Return, exactly as written, every line from the first line of the data below through the line that contains "move=> us mF sB.".

+++ INPUT FOR THIS TASK +++

Section kernel_on_cubes.
Context {R : realType} {n : nat}.
Variable mu : {measure set (n.-tuple R) -> \bar R}.
Hypothesis hmu : is_lebesgue_Rn mu.
Variables (K : n.-tuple R -> n.-tuple R -> R) (kappa : R).
Hypothesis kappa0 : 0 <= kappa.
Hypothesis Kge0 : forall x y, 0 <= K x y.
Hypothesis Ktransl : forall x y w, K (vadd x w) (vadd y w) = K x y.
Hypothesis K_cubeQ : forall x y, cubeQ x -> cubeQ y -> kappa <= K x y.

Lemma K_cube_at k x y : cube_at k x -> cube_at k y -> kappa <= K x y.
Proof.
move=> [q qQ ->] [q' q'Q ->].
by rewrite (vaddC (intvec k) q) (vaddC (intvec k) q') Ktransl; exact: K_cubeQ.
Qed.

Local Open Scope ereal_scope.

(* On [C & F] the inner integral is at least [kappa |C & ~F|], and the step
   function taking these values is measurable, so it can be summed cube by
   cube although the inner integral itself need not be measurable. *)
Lemma kernel_energy_ge_cubes (s : seq (n.-tuple int)) (B F : set (n.-tuple R)) :
  uniq s -> measurable F -> (forall k, k \in s -> cube_at k `<=` B) ->
  \sum_(k <- s) (kappa%:E * mu (cube_at k `&` F) * mu (cube_at k `&` ~` F))
  <= \int[mu]_(x in B `&` F) \int[mu]_(y in ~` F) (K x y)%:E.
Proof.
move=> us mF sB.
have mCF k : measurable (cube_at k `&` F) by apply: measurableI => //; exact: cube_at_measurable.
pose b k := fine (mu (cube_at k `&` ~` F)).
have bE k : mu (cube_at k `&` ~` F) = (b k)%:E.
  by rewrite fineK // fin_num_mu_cube_atI //; exact: measurableC.
pose phi := cube_step s (fun k => kappa * b k)%R.
have phi0 x : (0 <= phi x)%R.
  apply: sumr_ge0 => k _; apply: mulr_ge0; last by rewrite indicE.
  by apply: mulr_ge0 => //; exact: fine_ge0.
have tI : trivIset [set` s] (fun k => cube_at k `&` F).
  by move=> i j _ _ [x [[ix _] [jx _]]]; exact: cube_at_inj ix jx.
have sum_phi : \sum_(k <- s) (kappa%:E * mu (cube_at k `&` F) * mu (cube_at k `&` ~` F))
    = \int[mu]_(x in \big[setU/set0]_(k <- s) (cube_at k `&` F)) (phi x)%:E.
  rewrite integral_bigsetU_EFin //; last first.
    by apply/measurable_EFinP; apply: measurable_funS (measurable_cube_step _ _).
  apply: eq_big_seq => k ks; rewrite bE muleAC -EFinM -integral_cst //.
  by apply: eq_integral => x /[!inE] -[kx _]; rewrite /phi (cube_stepE _ _ _ _ us ks kx).
rewrite sum_phi; apply: (@le_trans _ _ (\int[mu]_(x in \big[setU/set0]_(k <- s)
    (cube_at k `&` F)) \int[mu]_(y in ~` F) (K x y)%:E)); last first.
  apply: ge0_subset_integral_nonmeasurable.
  - by rewrite -bigcup_seq => x [k ks [kx Fx]]; split => //; exact: (sB k ks x kx).
  - by move=> x _; apply: integral_ge0 => y _; rewrite lee_fin.
apply: ge0_le_integral_nonmeasurable => [x _|x]; first by rewrite lee_fin phi0.
rewrite -bigcup_seq => -[k /= ks [kx Fx]].
rewrite /phi (cube_stepE _ _ _ _ us ks kx) EFinM -bE -integral_cst //; last first.
  by apply: measurableI; [exact: cube_at_measurable|exact: measurableC].
apply: (@le_trans _ _ (\int[mu]_(y in cube_at k `&` ~` F) (K x y)%:E)).
  apply: ge0_le_integral_nonmeasurable => [y _|y [ky _]]; first by rewrite lee_fin.
  by rewrite lee_fin; exact: K_cube_at kx ky.
apply: ge0_subset_integral_nonmeasurable; first exact: subIsetr.
by move=> y _; rewrite lee_fin.
Qed.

+++

■ TASK RESPONSE:
Section kernel_on_cubes.
Context {R : realType} {n : nat}.
Variable mu : {measure set (n.-tuple R) -> \bar R}.
Hypothesis hmu : is_lebesgue_Rn mu.
Variables (K : n.-tuple R -> n.-tuple R -> R) (kappa : R).
Hypothesis kappa0 : 0 <= kappa.
Hypothesis Kge0 : forall x y, 0 <= K x y.
Hypothesis Ktransl : forall x y w, K (vadd x w) (vadd y w) = K x y.
Hypothesis K_cubeQ : forall x y, cubeQ x -> cubeQ y -> kappa <= K x y.

Lemma K_cube_at k x y : cube_at k x -> cube_at k y -> kappa <= K x y.
Proof.
move=> [q qQ ->] [q' q'Q ->].
by rewrite (vaddC (intvec k) q) (vaddC (intvec k) q') Ktransl; exact: K_cubeQ.
Qed.

Local Open Scope ereal_scope.

(* On [C & F] the inner integral is at least [kappa |C & ~F|], and the step
   function taking these values is measurable, so it can be summed cube by
   cube although the inner integral itself need not be measurable. *)
Lemma kernel_energy_ge_cubes (s : seq (n.-tuple int)) (B F : set (n.-tuple R)) :
  uniq s -> measurable F -> (forall k, k \in s -> cube_at k `<=` B) ->
  \sum_(k <- s) (kappa%:E * mu (cube_at k `&` F) * mu (cube_at k `&` ~` F))
  <= \int[mu]_(x in B `&` F) \int[mu]_(y in ~` F) (K x y)%:E.
Proof.
move=> us mF sB.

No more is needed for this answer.